(* Let $k$ be a field, $A$ a $k$-algebra, $a_1,\ldots,a_m\in A$ and $d\ge1$. If $P_{\ge0}(a_1,\ldots,a_m)\subseteq P_{\le d-1}(a_1,\ldots,a_m)$, then every element of $ka_1+\cdots+ka_m$ is algebraic over $k$ of degree at most $M_{d,m}=\binom{d+m-1}{m}$.
   Context: Algebras are associative with unit. For nonnegative integers $i_1,\ldots,i_m$, $p_{i_1,\ldots,i_m}(x_1,\ldots,x_m)$ is the sum of all distinct noncommutative monomials with exactly $i_j$ occurrences of $x_j$ for each $j$ ($p_{0,\ldots,0}=1$); $p_{i_1,\ldots,i_m}(a_1,\ldots,a_m)$ is its evaluation at $x_j=a_j$. $P_n(a_1,\ldots,a_m)=\operatorname{span}_k\{p_{i_1,\ldots,i_m}(a_1,\ldots,a_m)\mid i_1+\cdots+i_m=n\}$, $P_{\le r}(a_1,\ldots,a_m)=\sum_{n=0}^rP_n(a_1,\ldots,a_m)$, $P_{\ge r}(a_1,\ldots,a_m)=\sum_{n=r}^\infty P_n(a_1,\ldots,a_m)$. Algebraic of degree at most $D$ means a root of a nonzero polynomial in $k[t]$ of degree at most $D$. *)

From HB Require Import structures.
From mathcomp Require Import all_boot all_order all_algebra.
Set Implicit Arguments. Unset Strict Implicit. Unset Printing Implicit Defensive.
Import Order.TTheory GRing.Theory Num.Theory.
Local Open Scope ring_scope.

Definition mdeg (m : nat) (i : 'I_m -> nat) : nat := (\sum_(j < m) i j)%N.

(* p_{i_1,...,i_m}(a_1,...,a_m): the sum over all distinct noncommutative
   monomials (= words over the alphabet 'I_m) having exactly i_j occurrences
   of the letter j, each word w evaluated as the product a_{w_1} ... a_{w_n}. *)
Definition pev (k : fieldType) (A : algType k) (m : nat)
    (a : 'I_m -> A) (i : 'I_m -> nat) : A :=
  \sum_(w : (mdeg i).-tuple 'I_m | [forall j, count_mem j w == i j])
     \prod_(l <- w) a l.

Definition inP_le (k : fieldType) (A : algType k) (m : nat)
    (a : 'I_m -> A) (r : nat) (x : A) : Prop :=
  exists s : seq (('I_m -> nat) * k),
    all (fun t => mdeg t.1 <= r)%N s /\ x = \sum_(t <- s) t.2 *: pev a t.1.

Definition inP_ge (k : fieldType) (A : algType k) (m : nat)
    (a : 'I_m -> A) (r : nat) (x : A) : Prop :=
  exists s : seq (('I_m -> nat) * k),
    all (fun t => r <= mdeg t.1)%N s /\ x = \sum_(t <- s) t.2 *: pev a t.1.

(* x is algebraic over k of degree at most D: root of a nonzero q \in k[t]
   with deg q <= D (size q = deg q + 1). *)
Definition algebraic_deg_le (k : fieldType) (A : algType k) (D : nat) (x : A) : Prop :=
  exists q : {poly k}, q != 0 /\ (size q <= D.+1)%N /\ horner_alg x q = 0.

From HB Require Import structures.
From mathcomp Require Import all_boot all_order all_algebra.
Import GRing.Theory.
Set Implicit Arguments.
Unset Strict Implicit.
Local Open Scope ring_scope.

(* Expanding x = \sum_j c j *: a j, the power x ^+ n is a combination of the
   p_i(a) with |i| = n, so by hypothesis every power of x lies in P_{<= d-1}(a).
   That space is spanned by the p_i(a) with |i| <= d - 1, which are indexed by
   'C(d + m - 1, m) multi-indices; hence 1, x, ..., x ^+ 'C(d + m - 1, m) are
   linearly dependent, and a dependence relation is a nonzero polynomial of
   degree at most 'C(d + m - 1, m) vanishing at x. *)

Section Span.

Variables (k : fieldType) (V : lmodType k).
Variables (I : finType) (S : {pred I}) (v : I -> V).

Definition in_span (y : V) := exists f : I -> k, y = \sum_(i in S) f i *: v i.

Lemma in_span0 : in_span 0.
Proof. by exists (fun=> 0); rewrite big1 // => i _; rewrite scale0r. Qed.

Lemma in_spanD y z : in_span y -> in_span z -> in_span (y + z).
Proof.
move=> [f ->] [g ->]; exists (fun i => f i + g i).
by rewrite -big_split; apply: eq_bigr => i _; rewrite scalerDl.
Qed.

Lemma in_spanZ t y : in_span y -> in_span (t *: y).
Proof.
move=> [f ->]; exists (fun i => t * f i).
by rewrite scaler_sumr; apply: eq_bigr => i _; rewrite scalerA.
Qed.

Lemma in_span_gen i : i \in S -> in_span (v i).
Proof.
move=> Si; exists (fun j => (j == i)%:R); rewrite (bigD1 i) //= eqxx scale1r.
by rewrite big1 ?addr0 // => j /andP[_ /negbTE ->]; rewrite scale0r.
Qed.

(* The coefficient rows of the [y j] form an [n x #|S|] matrix of rank less
   than [n], so its left kernel is nonzero. *)
Lemma in_span_dependent n (y : 'I_n -> V) : (#|S| < n)%N ->
    (forall j, in_span (y j)) ->
  exists l : 'I_n -> k, (exists j, l j != 0) /\ \sum_j l j *: y j = 0.
Proof.
move=> ltSn /fin_all_exists[F yF].
pose M := \matrix_(j < n, r < #|S|) F j (enum_val r).
have : kermx M != 0.
  rewrite -mxrank_eq0 mxrank_ker -lt0n subn_gt0.
  exact: leq_ltn_trans (rank_leq_col M) ltSn.
case/rowV0Pn=> u /sub_kermxP uM u_nz; exists (u 0); split.
  apply/existsP; apply: contraNT u_nz; rewrite negb_exists => /forallP u0.
  by apply/eqP/rowP => j; rewrite mxE; apply/eqP/negPn/u0.
under eq_bigr do rewrite yF scaler_sumr.
rewrite exchange_big big1 //= => i Si.
have uFi : \sum_j u 0 j * F j i = 0.
  have := congr1 (fun X : 'rV_#|S| => X 0 (enum_rank_in Si i)) uM.
  rewrite !mxE => {2}<-; apply: eq_bigr => j _.
  by rewrite /M mxE enum_rankK_in.
rewrite -[RHS](scale0r (v i)) -uFi scaler_suml.
by under eq_bigr do rewrite scalerA.
Qed.

End Span.

Lemma expr_sum_tuple (R : pzSemiRingType) (J : finType) (b : J -> R) n :
  (\sum_j b j) ^+ n = \sum_(w : n.-tuple J) \prod_(l <- w) b l.
Proof.
rewrite -[n in LHS]card_ord -prodr_const bigA_distr_bigA /=.
rewrite (reindex (@finfun_of_tuple _ _)) /=; last first.
  exists (@tuple_of_finfun _ _) => f _;
  by rewrite (finfun_of_tupleK, tuple_of_finfunK).
apply: eq_bigr => w _; rewrite big_tuple.
by apply: eq_bigr => i _; rewrite ffunE.
Qed.

Lemma prod_count_mem (R : comPzSemiRingType) (J : finType) (c : J -> R)
    (w : seq J) :
  \prod_(l <- w) c l = \prod_j c j ^+ count_mem j w.
Proof.
elim: w => [|l w IHw]; first by rewrite big_nil big1 // => j _; rewrite expr0.
rewrite big_cons IHw; under [RHS]eq_bigr do rewrite /= exprD.
rewrite big_split /=; congr (_ * _).
rewrite (bigD1 l) //= eqxx expr1 big1 ?mulr1 // => j /negbTE.
by rewrite eq_sym => ->; rewrite expr0.
Qed.

Lemma sum_count_mem (J : finType) (s : seq J) :
  (\sum_j count_mem j s)%N = size s.
Proof.
elim: s => [|l s IHs]; first by rewrite big1.
rewrite /= big_split /= IHs (bigD1 l) //= eqxx big1 // => j /negbTE.
by rewrite eq_sym => ->.
Qed.

(* Multi-indices of total degree at most r, as m-tuples: no entry exceeds r. *)
Definition mindex_le (m r : nat) : {set m.-tuple 'I_r.+1} :=
  [set t : m.-tuple 'I_r.+1 | (\sum_(i <- t) i <= r)%N].

Section Monomials.

Variables (k : fieldType) (A : algType k) (m : nat) (a : 'I_m -> A).

Lemma leq_mdeg (i : 'I_m -> nat) j : (i j <= mdeg i)%N.
Proof. by rewrite /mdeg (bigD1 j) //= leq_addr. Qed.

Lemma pevE {n} {i : 'I_m -> nat} : mdeg i = n ->
  pev a i = \sum_(w : n.-tuple 'I_m | [forall j, count_mem j w == i j])
              \prod_(l <- w) a l.
Proof. by move=> <-. Qed.

Lemma eq_pev (i i' : 'I_m -> nat) : i =1 i' -> pev a i = pev a i'.
Proof.
move=> ii'.
have deg_i' : mdeg i' = mdeg i by apply: eq_bigr => j _; rewrite ii'.
rewrite (pevE (erefl (mdeg i))) (pevE deg_i').
by apply: eq_bigl => w; apply: eq_forallb => j; rewrite ii'.
Qed.

Lemma inP_ge_leq r r' x : (r' <= r)%N -> inP_ge a r x -> inP_ge a r' x.
Proof.
move=> le_r'r [s [s_ge ->]]; exists s; split=> //.
by apply: sub_all s_ge => t; apply: leq_trans.
Qed.

Lemma inP_ge_sum (J : finType) (P : pred J) (e : J -> 'I_m -> nat)
    (f : J -> k) r :
  (forall t, P t -> r <= mdeg (e t))%N ->
  inP_ge a r (\sum_(t | P t) f t *: pev a (e t)).
Proof.
move=> e_ge; exists [seq (e t, f t) | t <- enum P].
split; last by rewrite big_map big_enum.
by rewrite all_map; apply/allP => t; rewrite mem_enum => /e_ge.
Qed.

Lemma expr_lincomb_inP_ge (c : 'I_m -> k) n :
  inP_ge a n ((\sum_j c j *: a j) ^+ n).
Proof.
(* Group the words w by their letter counts, which are at most n. *)
pose cnt (w : n.-tuple 'I_m) : m.-tuple 'I_n.+1 :=
  [tuple inord (count_mem j w) | j < m].
pose e (t : m.-tuple 'I_n.+1) j : nat := tnth t j.
have cntE w j : e (cnt w) j = count_mem j w.
  rewrite /e tnth_mktuple inordK // ltnS.
  by apply: leq_trans (count_size _ w) _; rewrite size_tuple.
have cnt_eq w t : (cnt w == t) = [forall j, count_mem j w == e t j].
  apply/eqP/forallP => [<- j|wt]; first by rewrite cntE.
  apply: eq_from_tnth => j; apply: val_inj.
  by rewrite /= -/(e _ j) cntE (eqP (wt j)).
rewrite expr_sum_tuple; under eq_bigr do rewrite scaler_prod prod_count_mem.
rewrite (partition_big cnt (fun t => mdeg (e t) == n)) => [|w _]; last first.
  rewrite /mdeg; under eq_bigr do rewrite cntE.
  by rewrite sum_count_mem size_tuple.
rewrite (eq_bigr (fun t => (\prod_j c j ^+ e t j) *: pev a (e t)));
  last move=> t /eqP deg_t.
  by apply: inP_ge_sum => t /eqP ->.
rewrite (pevE deg_t) scaler_sumr.
apply: eq_big => [w|w]; first by rewrite cnt_eq.
by move=> /eqP <-; congr (_ *: _); apply: eq_bigr => j _; rewrite cntE.
Qed.

Definition pev_mindex {r} (t : m.-tuple 'I_r.+1) := pev a (fun j => tnth t j).

Lemma pev_in_span r (i : 'I_m -> nat) :
  (mdeg i <= r)%N -> in_span (mindex_le m r) pev_mindex (pev a i).
Proof.
move=> deg_i; pose t : m.-tuple 'I_r.+1 := [tuple inord (i j) | j < m].
have tE j : tnth t j = i j :> nat.
  by rewrite tnth_mktuple inordK // ltnS (leq_trans (leq_mdeg i j)).
have t_le : t \in mindex_le m r.
  by rewrite inE big_tuple; under eq_bigr do rewrite tE.
rewrite (@eq_pev i (fun j => tnth t j)) => [|j]; last by rewrite tE.
exact: in_span_gen.
Qed.

Lemma inP_le_in_span r x :
  inP_le a r x -> in_span (mindex_le m r) pev_mindex x.
Proof.
case=> s [+ ->]; elim: s => [_|t s IHs /andP[deg_t /IHs s_span]].
  by rewrite big_nil; apply: in_span0.
by rewrite big_cons; apply: in_spanD s_span; apply/in_spanZ/pev_in_span.
Qed.

End Monomials.

Lemma algebraic_deg_le_lin_rel (k : fieldType) (A : algType k) n (x : A)
    (l : 'I_n.+1 -> k) :
  (exists j, l j != 0) -> \sum_j l j *: x ^+ j = 0 -> algebraic_deg_le n x.
Proof.
move=> [j l_j] l_rel; exists (\poly_(i < n.+1) l (inord i)); split; last split.
- apply: contra_neq l_j => /(congr1 (fun p : {poly k} => p`_j)).
  by rewrite coef_poly ltn_ord inord_val coef0.
- exact: size_poly.
- rewrite poly_def rmorph_sum /= -[RHS]l_rel; apply: eq_bigr => i _.
  by rewrite linearZ /= rmorphXn /= horner_algX inord_val mulr_algl.
Qed.

Theorem corollary3p6 (k : fieldType) (A : algType k) (m d : nat)
    (a : 'I_m -> A) :
  (1 <= d)%N ->
  (forall x : A, inP_ge a 0 x -> inP_le a d.-1 x) ->
  forall c : 'I_m -> k,
    algebraic_deg_le ('C(d + m - 1, m)) (\sum_(j < m) c j *: a j).
Proof.
move=> d_gt0 P_ge0_le c; set x := \sum_(j < m) c j *: a j.
have card_mindex : #|mindex_le m d.-1| = 'C(d + m - 1, m).
  by rewrite card_partial_ord_partitions -subn1 addnBA // [(m + d)%N]addnC.
have x_span (j : 'I_#|mindex_le m d.-1|.+1) :
    in_span (mindex_le m d.-1) (pev_mindex a) (x ^+ j).
  exact/inP_le_in_span/P_ge0_le/(inP_ge_leq (leq0n j))/expr_lincomb_inP_ge.
have [l [l_nz l_rel]] := in_span_dependent (ltnSn _) x_span.
by rewrite -card_mindex; apply: algebraic_deg_le_lin_rel l_nz l_rel.
Qed.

☆ ☆ ☆ ☆ ☆

What needs to be done ▸ Above are some lines. Repeat exactly, and only, those from the line that has "rewrite (partition_big cnt" through the line that has "have tE j : tnth t j = i j :> nat.".

The answer ▸
rewrite (partition_big cnt (fun t => mdeg (e t) == n)) => [|w _]; last first.
  rewrite /mdeg; under eq_bigr do rewrite cntE.
  by rewrite sum_count_mem size_tuple.
rewrite (eq_bigr (fun t => (\prod_j c j ^+ e t j) *: pev a (e t)));
  last move=> t /eqP deg_t.
  by apply: inP_ge_sum => t /eqP ->.
rewrite (pevE deg_t) scaler_sumr.
apply: eq_big => [w|w]; first by rewrite cnt_eq.
by move=> /eqP <-; congr (_ *: _); apply: eq_bigr => j _; rewrite cntE.
Qed.

Definition pev_mindex {r} (t : m.-tuple 'I_r.+1) := pev a (fun j => tnth t j).

Lemma pev_in_span r (i : 'I_m -> nat) :
  (mdeg i <= r)%N -> in_span (mindex_le m r) pev_mindex (pev a i).
Proof.
move=> deg_i; pose t : m.-tuple 'I_r.+1 := [tuple inord (i j) | j < m].
have tE j : tnth t j = i j :> nat.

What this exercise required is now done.